[Collected data entries]
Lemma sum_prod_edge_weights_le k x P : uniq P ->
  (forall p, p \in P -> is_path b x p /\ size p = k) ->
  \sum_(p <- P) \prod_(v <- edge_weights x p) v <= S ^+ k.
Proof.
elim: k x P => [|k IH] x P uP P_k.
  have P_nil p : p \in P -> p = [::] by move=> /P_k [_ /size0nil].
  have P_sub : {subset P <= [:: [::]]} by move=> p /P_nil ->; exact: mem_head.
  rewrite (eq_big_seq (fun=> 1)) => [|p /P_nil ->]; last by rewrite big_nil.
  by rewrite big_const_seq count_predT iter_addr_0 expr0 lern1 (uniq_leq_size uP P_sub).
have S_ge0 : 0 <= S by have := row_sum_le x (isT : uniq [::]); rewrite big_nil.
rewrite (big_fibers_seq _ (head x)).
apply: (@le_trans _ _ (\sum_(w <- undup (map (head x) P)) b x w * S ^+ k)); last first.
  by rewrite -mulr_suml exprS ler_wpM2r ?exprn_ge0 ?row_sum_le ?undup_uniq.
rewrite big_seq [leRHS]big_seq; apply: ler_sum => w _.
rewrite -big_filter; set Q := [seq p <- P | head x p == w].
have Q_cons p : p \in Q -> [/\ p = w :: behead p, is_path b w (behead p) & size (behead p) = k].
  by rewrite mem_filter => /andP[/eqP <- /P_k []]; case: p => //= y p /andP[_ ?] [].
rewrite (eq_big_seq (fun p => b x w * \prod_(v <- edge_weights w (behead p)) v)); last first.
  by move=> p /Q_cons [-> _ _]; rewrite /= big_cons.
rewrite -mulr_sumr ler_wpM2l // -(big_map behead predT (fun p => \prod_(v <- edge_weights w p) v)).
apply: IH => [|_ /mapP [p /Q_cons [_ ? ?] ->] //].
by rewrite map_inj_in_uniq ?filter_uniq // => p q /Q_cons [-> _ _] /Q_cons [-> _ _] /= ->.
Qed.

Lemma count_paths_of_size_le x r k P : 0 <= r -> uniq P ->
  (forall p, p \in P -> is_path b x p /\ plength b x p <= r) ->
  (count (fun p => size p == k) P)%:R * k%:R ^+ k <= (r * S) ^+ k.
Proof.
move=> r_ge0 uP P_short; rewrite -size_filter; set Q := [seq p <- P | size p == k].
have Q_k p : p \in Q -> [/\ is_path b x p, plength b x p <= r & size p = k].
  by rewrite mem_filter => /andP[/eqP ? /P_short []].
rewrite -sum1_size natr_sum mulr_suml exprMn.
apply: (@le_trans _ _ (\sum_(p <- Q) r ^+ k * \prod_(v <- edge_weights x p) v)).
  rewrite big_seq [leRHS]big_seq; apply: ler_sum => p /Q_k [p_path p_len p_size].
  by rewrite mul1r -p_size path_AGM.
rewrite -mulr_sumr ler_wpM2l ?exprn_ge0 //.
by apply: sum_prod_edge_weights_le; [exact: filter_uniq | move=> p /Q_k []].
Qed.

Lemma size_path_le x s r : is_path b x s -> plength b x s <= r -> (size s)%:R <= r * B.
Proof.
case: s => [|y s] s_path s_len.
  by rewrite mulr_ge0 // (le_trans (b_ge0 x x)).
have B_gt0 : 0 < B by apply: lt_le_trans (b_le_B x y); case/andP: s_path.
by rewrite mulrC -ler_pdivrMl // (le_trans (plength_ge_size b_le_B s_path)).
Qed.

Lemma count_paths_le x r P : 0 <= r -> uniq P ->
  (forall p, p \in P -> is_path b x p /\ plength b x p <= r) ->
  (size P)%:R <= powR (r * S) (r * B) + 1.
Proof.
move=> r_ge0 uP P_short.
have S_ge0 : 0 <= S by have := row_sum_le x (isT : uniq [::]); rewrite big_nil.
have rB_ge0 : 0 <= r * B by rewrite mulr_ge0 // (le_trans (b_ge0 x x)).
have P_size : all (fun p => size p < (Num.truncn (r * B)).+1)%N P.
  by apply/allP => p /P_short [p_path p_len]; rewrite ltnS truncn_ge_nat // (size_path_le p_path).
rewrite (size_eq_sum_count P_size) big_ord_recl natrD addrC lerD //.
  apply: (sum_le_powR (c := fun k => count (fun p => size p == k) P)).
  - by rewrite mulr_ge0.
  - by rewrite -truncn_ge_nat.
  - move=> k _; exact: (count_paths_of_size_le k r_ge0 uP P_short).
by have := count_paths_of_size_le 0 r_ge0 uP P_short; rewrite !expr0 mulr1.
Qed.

--

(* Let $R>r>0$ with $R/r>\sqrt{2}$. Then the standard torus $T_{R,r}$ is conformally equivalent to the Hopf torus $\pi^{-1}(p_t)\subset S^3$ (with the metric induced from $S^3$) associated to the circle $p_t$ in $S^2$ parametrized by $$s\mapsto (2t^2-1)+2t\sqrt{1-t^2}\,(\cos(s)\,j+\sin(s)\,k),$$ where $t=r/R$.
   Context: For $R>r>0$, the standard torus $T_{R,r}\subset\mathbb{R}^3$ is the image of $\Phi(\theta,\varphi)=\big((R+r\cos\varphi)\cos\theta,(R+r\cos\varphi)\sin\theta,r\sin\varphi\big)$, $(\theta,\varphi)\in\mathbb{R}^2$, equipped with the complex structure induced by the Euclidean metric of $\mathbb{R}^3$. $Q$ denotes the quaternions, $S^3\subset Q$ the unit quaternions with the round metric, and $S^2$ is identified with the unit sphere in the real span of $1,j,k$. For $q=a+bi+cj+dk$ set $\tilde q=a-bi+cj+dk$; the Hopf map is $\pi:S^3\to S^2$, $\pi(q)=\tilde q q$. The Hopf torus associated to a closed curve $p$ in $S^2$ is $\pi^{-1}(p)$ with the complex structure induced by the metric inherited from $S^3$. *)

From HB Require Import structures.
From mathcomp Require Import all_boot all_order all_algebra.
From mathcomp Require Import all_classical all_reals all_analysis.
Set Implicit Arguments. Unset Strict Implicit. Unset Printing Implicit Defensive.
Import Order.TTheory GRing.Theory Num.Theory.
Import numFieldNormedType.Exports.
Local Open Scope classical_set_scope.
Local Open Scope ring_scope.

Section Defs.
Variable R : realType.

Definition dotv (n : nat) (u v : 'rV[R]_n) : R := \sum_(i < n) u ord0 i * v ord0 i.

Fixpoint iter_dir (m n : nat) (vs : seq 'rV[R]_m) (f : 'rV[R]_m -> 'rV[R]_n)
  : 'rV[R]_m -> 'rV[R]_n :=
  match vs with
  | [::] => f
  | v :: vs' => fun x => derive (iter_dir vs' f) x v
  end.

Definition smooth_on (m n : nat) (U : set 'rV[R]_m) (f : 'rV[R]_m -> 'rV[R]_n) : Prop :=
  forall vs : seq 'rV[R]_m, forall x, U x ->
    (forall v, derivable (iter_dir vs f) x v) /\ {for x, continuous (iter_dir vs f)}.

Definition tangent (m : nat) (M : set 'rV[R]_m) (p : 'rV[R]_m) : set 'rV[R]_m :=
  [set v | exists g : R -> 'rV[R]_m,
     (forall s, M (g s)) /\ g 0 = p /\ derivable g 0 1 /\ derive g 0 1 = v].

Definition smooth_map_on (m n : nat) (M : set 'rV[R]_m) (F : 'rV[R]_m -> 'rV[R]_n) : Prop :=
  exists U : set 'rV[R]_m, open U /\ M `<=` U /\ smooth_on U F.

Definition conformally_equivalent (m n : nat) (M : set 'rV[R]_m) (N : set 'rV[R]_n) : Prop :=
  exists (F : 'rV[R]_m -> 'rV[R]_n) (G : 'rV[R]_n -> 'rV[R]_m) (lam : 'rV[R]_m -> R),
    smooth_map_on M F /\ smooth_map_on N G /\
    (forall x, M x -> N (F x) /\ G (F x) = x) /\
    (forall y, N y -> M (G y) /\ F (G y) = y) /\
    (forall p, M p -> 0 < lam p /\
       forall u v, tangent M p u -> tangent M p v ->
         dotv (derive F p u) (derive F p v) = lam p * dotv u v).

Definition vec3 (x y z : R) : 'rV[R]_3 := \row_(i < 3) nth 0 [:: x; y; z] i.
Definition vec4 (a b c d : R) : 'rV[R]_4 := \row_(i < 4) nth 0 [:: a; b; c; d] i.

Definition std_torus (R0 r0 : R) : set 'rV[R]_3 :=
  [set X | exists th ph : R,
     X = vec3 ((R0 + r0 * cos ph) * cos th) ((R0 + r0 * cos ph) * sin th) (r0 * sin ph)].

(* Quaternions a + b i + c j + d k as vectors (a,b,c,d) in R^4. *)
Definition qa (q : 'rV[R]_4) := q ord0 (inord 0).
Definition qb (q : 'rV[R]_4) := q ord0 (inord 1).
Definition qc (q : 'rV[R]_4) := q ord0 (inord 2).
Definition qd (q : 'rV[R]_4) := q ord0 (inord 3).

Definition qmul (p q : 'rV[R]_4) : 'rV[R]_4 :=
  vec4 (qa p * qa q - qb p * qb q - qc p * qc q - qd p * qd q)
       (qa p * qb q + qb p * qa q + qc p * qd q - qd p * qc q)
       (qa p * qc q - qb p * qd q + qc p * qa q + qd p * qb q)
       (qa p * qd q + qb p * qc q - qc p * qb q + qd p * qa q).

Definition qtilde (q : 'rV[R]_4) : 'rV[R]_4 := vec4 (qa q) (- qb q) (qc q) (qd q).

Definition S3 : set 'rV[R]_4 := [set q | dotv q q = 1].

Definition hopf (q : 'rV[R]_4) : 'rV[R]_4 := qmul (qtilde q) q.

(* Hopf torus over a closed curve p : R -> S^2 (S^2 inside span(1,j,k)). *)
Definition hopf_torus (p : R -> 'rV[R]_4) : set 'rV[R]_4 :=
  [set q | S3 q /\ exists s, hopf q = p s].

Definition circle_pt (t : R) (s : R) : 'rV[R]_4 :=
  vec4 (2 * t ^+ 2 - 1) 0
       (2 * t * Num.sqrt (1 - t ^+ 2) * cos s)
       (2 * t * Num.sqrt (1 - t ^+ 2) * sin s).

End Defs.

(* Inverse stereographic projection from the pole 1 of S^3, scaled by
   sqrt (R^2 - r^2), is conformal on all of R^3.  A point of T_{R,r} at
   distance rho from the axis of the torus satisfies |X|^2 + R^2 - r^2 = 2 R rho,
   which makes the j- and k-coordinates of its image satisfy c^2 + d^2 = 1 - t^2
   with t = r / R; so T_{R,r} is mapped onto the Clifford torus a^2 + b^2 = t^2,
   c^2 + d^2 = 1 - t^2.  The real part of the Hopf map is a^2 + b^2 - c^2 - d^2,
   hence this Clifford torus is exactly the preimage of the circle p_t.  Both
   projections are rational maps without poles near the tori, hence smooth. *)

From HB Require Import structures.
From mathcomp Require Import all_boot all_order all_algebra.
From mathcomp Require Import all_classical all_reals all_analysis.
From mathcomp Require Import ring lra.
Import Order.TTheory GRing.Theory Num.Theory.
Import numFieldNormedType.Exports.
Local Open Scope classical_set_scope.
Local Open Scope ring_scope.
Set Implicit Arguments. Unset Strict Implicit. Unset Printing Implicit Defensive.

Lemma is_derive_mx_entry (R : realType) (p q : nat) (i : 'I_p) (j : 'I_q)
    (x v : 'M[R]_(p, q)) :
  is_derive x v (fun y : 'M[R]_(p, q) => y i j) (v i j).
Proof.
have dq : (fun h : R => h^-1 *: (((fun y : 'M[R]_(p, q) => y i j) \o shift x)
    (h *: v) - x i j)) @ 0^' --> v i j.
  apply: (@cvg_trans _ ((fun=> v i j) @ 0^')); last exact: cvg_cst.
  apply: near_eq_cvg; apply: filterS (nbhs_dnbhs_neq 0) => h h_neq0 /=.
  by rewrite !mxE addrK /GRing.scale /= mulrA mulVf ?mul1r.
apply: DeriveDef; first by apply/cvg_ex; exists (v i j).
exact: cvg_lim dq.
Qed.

Your task:
Look above for the line holding "elim: k x P => [|k IH] x P uP P_k.". Print it and every line after it, exactly, through the line holding "by rewrite -mulr_suml".

Solution to this task:
elim: k x P => [|k IH] x P uP P_k.
  have P_nil p : p \in P -> p = [::] by move=> /P_k [_ /size0nil].
  have P_sub : {subset P <= [:: [::]]} by move=> p /P_nil ->; exact: mem_head.
  rewrite (eq_big_seq (fun=> 1)) => [|p /P_nil ->]; last by rewrite big_nil.
  by rewrite big_const_seq count_predT iter_addr_0 expr0 lern1 (uniq_leq_size uP P_sub).
have S_ge0 : 0 <= S by have := row_sum_le x (isT : uniq [::]); rewrite big_nil.
rewrite (big_fibers_seq _ (head x)).
apply: (@le_trans _ _ (\sum_(w <- undup (map (head x) P)) b x w * S ^+ k)); last first.
  by rewrite -mulr_suml exprS ler_wpM2r ?exprn_ge0 ?row_sum_le ?undup_uniq.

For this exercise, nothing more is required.